**ASSIGNMENT:** The required output is a copy of each line in the material below that includes "GRing".

**RECORDS SHOWN:**
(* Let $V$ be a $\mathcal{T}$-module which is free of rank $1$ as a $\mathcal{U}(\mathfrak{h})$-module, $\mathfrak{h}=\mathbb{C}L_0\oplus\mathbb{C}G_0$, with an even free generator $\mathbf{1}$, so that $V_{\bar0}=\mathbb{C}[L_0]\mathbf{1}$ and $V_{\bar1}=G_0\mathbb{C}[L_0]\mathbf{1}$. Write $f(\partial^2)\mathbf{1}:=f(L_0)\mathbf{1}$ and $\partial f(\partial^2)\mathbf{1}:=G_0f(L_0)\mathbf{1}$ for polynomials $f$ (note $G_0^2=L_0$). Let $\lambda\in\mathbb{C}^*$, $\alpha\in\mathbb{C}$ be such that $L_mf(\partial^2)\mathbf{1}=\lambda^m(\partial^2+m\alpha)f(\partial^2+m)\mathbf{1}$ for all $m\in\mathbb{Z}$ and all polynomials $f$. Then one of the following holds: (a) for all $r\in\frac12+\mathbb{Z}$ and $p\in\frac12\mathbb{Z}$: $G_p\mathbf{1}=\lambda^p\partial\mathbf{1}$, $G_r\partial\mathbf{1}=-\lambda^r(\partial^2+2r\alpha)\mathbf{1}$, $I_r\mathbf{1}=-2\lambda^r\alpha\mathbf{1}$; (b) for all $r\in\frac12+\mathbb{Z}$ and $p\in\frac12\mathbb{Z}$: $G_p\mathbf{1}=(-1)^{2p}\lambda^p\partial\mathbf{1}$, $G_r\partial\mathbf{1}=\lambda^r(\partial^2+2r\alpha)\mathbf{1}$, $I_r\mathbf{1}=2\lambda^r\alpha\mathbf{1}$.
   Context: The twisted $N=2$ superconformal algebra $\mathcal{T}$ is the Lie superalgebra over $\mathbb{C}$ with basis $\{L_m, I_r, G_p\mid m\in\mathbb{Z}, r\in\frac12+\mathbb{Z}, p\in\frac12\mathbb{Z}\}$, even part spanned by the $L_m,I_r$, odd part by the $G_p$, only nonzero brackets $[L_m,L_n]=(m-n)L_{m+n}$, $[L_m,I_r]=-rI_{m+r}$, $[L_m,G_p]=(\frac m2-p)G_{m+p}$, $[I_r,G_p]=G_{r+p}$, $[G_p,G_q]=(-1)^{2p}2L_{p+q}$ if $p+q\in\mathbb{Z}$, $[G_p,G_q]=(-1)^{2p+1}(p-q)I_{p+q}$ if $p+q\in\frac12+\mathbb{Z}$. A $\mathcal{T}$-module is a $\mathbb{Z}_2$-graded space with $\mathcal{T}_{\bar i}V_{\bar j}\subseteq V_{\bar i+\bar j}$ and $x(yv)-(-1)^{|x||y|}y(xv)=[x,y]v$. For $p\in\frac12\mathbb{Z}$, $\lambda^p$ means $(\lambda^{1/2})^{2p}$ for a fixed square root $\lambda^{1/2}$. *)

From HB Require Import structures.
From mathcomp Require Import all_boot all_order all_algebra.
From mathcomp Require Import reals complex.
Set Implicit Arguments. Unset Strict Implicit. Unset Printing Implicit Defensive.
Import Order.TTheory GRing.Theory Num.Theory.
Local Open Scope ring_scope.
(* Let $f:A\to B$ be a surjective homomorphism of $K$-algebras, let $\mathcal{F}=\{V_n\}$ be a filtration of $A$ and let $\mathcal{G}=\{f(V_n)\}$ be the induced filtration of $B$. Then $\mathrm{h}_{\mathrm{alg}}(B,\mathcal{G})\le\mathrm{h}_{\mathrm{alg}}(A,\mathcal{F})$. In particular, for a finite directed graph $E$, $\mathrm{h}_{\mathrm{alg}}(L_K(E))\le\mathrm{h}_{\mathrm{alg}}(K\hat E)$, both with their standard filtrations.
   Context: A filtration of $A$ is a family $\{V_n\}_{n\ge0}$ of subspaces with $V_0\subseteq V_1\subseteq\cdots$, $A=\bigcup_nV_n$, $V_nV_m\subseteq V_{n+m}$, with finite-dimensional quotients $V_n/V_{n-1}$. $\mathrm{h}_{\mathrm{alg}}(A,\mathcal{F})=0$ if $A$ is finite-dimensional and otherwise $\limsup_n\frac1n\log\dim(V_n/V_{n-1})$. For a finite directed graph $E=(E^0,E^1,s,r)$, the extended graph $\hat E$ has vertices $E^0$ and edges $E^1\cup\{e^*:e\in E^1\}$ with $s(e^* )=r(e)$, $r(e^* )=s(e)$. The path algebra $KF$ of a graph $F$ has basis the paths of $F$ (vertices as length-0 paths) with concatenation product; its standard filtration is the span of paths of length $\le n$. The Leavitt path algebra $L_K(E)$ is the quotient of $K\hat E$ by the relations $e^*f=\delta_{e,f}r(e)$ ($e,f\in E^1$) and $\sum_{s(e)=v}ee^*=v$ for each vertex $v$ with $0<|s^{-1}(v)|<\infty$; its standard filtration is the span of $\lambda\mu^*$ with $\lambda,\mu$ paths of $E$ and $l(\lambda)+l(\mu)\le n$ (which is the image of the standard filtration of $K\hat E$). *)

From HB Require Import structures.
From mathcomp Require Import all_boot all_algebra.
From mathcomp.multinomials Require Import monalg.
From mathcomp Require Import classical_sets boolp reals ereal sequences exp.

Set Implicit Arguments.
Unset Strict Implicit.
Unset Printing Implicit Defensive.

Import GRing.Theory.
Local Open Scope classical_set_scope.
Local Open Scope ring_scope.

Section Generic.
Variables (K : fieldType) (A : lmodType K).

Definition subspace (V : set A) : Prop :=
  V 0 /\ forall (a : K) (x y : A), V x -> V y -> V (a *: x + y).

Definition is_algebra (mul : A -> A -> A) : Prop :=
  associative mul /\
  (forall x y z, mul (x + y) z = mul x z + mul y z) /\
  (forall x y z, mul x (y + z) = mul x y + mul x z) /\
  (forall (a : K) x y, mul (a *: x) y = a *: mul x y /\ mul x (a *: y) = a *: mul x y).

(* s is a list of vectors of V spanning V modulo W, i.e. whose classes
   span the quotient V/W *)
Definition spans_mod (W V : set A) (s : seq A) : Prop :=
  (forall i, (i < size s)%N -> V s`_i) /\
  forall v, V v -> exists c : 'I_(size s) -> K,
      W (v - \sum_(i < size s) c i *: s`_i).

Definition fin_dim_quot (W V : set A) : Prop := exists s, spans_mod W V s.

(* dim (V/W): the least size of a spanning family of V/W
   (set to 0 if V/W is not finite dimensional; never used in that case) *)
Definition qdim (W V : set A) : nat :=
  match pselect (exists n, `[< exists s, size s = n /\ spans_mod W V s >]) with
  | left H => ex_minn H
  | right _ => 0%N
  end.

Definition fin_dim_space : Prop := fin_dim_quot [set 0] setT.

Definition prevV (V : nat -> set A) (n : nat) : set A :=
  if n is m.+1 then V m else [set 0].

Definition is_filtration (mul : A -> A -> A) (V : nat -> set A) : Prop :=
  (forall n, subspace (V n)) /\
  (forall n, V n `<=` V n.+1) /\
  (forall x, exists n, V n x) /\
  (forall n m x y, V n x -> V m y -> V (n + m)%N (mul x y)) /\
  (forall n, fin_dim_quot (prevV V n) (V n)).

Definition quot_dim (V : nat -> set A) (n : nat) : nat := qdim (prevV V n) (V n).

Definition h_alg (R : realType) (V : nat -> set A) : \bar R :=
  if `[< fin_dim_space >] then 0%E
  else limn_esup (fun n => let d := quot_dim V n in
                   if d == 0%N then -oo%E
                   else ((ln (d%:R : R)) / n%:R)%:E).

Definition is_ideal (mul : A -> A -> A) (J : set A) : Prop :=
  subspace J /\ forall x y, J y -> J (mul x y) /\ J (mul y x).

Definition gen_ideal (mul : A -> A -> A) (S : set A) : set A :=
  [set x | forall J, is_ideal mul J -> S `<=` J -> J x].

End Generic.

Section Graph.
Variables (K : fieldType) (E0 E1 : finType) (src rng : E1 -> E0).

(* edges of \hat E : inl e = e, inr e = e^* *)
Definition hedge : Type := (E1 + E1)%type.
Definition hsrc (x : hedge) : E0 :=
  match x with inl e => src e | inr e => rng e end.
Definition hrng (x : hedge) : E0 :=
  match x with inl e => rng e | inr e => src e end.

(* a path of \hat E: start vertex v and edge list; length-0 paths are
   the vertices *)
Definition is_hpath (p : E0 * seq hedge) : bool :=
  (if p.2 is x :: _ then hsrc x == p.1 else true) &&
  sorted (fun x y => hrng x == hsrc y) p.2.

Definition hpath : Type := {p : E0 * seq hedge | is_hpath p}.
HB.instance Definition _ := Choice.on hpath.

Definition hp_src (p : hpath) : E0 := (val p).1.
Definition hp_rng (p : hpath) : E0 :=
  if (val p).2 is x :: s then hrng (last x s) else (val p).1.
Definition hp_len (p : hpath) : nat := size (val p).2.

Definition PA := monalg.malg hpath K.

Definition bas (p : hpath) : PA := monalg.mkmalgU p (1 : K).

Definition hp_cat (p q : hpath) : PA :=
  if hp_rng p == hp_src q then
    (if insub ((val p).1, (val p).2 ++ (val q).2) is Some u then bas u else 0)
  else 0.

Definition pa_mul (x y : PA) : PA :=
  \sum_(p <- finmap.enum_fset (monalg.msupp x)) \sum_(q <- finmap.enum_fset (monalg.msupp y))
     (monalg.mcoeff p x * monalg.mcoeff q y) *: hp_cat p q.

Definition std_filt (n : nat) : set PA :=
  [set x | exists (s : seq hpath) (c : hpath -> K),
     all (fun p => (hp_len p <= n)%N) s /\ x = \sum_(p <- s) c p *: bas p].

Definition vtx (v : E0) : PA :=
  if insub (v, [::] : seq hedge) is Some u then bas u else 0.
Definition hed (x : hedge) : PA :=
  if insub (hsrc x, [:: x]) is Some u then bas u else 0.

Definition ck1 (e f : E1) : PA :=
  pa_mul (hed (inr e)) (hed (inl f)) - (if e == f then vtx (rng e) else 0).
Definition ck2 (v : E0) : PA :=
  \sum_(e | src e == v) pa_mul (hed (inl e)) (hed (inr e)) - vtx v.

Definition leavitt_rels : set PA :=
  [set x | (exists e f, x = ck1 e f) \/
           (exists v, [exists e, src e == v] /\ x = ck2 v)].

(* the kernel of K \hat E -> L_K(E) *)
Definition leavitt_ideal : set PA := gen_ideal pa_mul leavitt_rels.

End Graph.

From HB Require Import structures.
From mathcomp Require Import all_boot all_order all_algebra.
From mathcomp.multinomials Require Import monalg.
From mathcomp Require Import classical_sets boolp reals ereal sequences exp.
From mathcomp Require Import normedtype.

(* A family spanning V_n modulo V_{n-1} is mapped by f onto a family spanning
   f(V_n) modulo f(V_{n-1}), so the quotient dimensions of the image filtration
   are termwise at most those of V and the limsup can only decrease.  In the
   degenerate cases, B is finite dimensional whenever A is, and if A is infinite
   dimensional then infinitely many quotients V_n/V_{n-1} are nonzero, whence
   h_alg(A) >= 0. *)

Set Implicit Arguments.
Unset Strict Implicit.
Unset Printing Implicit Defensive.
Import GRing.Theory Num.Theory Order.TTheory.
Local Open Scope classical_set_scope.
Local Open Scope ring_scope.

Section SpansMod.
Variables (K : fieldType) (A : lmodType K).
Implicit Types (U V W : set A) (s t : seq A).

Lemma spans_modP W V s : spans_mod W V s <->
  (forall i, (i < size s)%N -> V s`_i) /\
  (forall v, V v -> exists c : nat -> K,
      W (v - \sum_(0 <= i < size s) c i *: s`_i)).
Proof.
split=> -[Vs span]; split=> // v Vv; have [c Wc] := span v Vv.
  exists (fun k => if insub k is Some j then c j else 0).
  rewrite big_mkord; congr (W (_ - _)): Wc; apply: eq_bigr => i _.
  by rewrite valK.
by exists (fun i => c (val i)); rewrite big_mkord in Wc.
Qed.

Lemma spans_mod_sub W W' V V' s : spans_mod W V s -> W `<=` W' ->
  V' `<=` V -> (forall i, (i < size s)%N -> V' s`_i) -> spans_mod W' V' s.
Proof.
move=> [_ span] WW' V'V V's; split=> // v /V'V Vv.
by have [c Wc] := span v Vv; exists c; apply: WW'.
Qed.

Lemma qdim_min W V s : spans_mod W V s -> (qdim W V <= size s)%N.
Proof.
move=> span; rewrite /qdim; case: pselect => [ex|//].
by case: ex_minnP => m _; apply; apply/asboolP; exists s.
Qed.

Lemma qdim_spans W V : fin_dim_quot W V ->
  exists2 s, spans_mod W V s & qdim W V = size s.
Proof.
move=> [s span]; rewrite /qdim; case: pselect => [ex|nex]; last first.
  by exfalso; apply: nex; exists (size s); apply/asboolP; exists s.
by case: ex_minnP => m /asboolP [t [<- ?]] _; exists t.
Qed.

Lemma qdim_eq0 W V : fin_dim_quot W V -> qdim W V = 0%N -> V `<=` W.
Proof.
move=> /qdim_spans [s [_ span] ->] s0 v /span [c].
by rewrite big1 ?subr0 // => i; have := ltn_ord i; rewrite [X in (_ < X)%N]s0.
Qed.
---
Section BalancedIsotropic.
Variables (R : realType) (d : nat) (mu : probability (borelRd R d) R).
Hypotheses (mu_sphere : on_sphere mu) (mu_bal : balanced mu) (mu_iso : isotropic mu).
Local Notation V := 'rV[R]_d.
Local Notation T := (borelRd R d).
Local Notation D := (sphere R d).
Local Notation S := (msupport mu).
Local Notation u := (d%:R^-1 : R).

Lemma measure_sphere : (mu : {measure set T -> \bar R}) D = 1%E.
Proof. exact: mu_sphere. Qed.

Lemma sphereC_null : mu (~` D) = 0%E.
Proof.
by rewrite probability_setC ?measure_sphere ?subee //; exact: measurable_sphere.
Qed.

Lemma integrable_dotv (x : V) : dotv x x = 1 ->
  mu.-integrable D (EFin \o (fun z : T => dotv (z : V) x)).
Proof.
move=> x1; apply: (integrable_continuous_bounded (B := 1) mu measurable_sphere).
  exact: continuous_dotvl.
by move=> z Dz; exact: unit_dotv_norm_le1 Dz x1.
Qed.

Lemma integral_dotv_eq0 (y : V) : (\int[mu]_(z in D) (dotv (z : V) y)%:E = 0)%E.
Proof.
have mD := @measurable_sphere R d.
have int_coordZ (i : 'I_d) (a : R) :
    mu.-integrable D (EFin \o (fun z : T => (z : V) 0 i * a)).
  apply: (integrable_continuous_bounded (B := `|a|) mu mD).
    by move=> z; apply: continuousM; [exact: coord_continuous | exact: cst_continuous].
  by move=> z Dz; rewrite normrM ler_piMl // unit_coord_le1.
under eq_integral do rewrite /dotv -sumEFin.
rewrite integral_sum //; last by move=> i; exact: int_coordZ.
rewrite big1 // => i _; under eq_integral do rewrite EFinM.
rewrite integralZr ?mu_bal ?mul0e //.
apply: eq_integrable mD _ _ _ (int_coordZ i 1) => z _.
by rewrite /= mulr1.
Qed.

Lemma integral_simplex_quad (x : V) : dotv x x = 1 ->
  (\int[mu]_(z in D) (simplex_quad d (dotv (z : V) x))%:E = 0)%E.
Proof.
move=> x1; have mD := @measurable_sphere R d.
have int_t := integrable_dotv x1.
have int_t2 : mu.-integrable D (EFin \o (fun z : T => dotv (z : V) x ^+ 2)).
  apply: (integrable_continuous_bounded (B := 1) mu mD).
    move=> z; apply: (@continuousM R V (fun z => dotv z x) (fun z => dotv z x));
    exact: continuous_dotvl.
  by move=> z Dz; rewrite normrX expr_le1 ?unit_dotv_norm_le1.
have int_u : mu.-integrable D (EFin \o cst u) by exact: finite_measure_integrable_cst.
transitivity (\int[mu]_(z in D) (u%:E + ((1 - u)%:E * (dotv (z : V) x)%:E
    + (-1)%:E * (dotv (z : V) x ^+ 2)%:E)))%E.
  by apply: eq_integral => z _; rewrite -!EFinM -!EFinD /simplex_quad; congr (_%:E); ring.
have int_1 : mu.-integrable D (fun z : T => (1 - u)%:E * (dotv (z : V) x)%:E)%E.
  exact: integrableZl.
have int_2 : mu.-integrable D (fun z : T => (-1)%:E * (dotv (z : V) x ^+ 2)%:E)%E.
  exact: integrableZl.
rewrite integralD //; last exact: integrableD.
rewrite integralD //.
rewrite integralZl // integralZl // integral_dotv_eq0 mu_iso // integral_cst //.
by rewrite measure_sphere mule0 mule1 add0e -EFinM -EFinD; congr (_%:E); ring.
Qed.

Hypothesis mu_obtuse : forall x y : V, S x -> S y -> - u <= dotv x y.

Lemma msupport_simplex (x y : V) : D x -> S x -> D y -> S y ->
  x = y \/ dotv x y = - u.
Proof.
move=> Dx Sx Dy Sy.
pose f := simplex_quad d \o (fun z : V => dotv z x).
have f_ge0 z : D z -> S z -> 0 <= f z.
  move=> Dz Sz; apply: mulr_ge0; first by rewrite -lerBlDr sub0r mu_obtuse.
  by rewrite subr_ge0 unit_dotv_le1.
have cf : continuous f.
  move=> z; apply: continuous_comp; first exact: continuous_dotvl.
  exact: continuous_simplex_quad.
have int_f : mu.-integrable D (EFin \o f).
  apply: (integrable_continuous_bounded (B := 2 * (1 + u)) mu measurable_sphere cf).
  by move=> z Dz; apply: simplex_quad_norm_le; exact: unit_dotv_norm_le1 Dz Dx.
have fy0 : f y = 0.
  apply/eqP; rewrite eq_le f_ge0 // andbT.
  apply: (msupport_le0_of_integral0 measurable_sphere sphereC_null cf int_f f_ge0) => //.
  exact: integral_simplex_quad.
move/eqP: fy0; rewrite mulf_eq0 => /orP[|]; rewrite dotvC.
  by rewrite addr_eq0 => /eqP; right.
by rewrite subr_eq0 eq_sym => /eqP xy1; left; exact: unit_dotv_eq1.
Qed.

**THE COMPLETED TASK:**
Import Order.TTheory GRing.Theory Num.Theory.
Import GRing.Theory.
Import GRing.Theory Num.Theory Order.TTheory.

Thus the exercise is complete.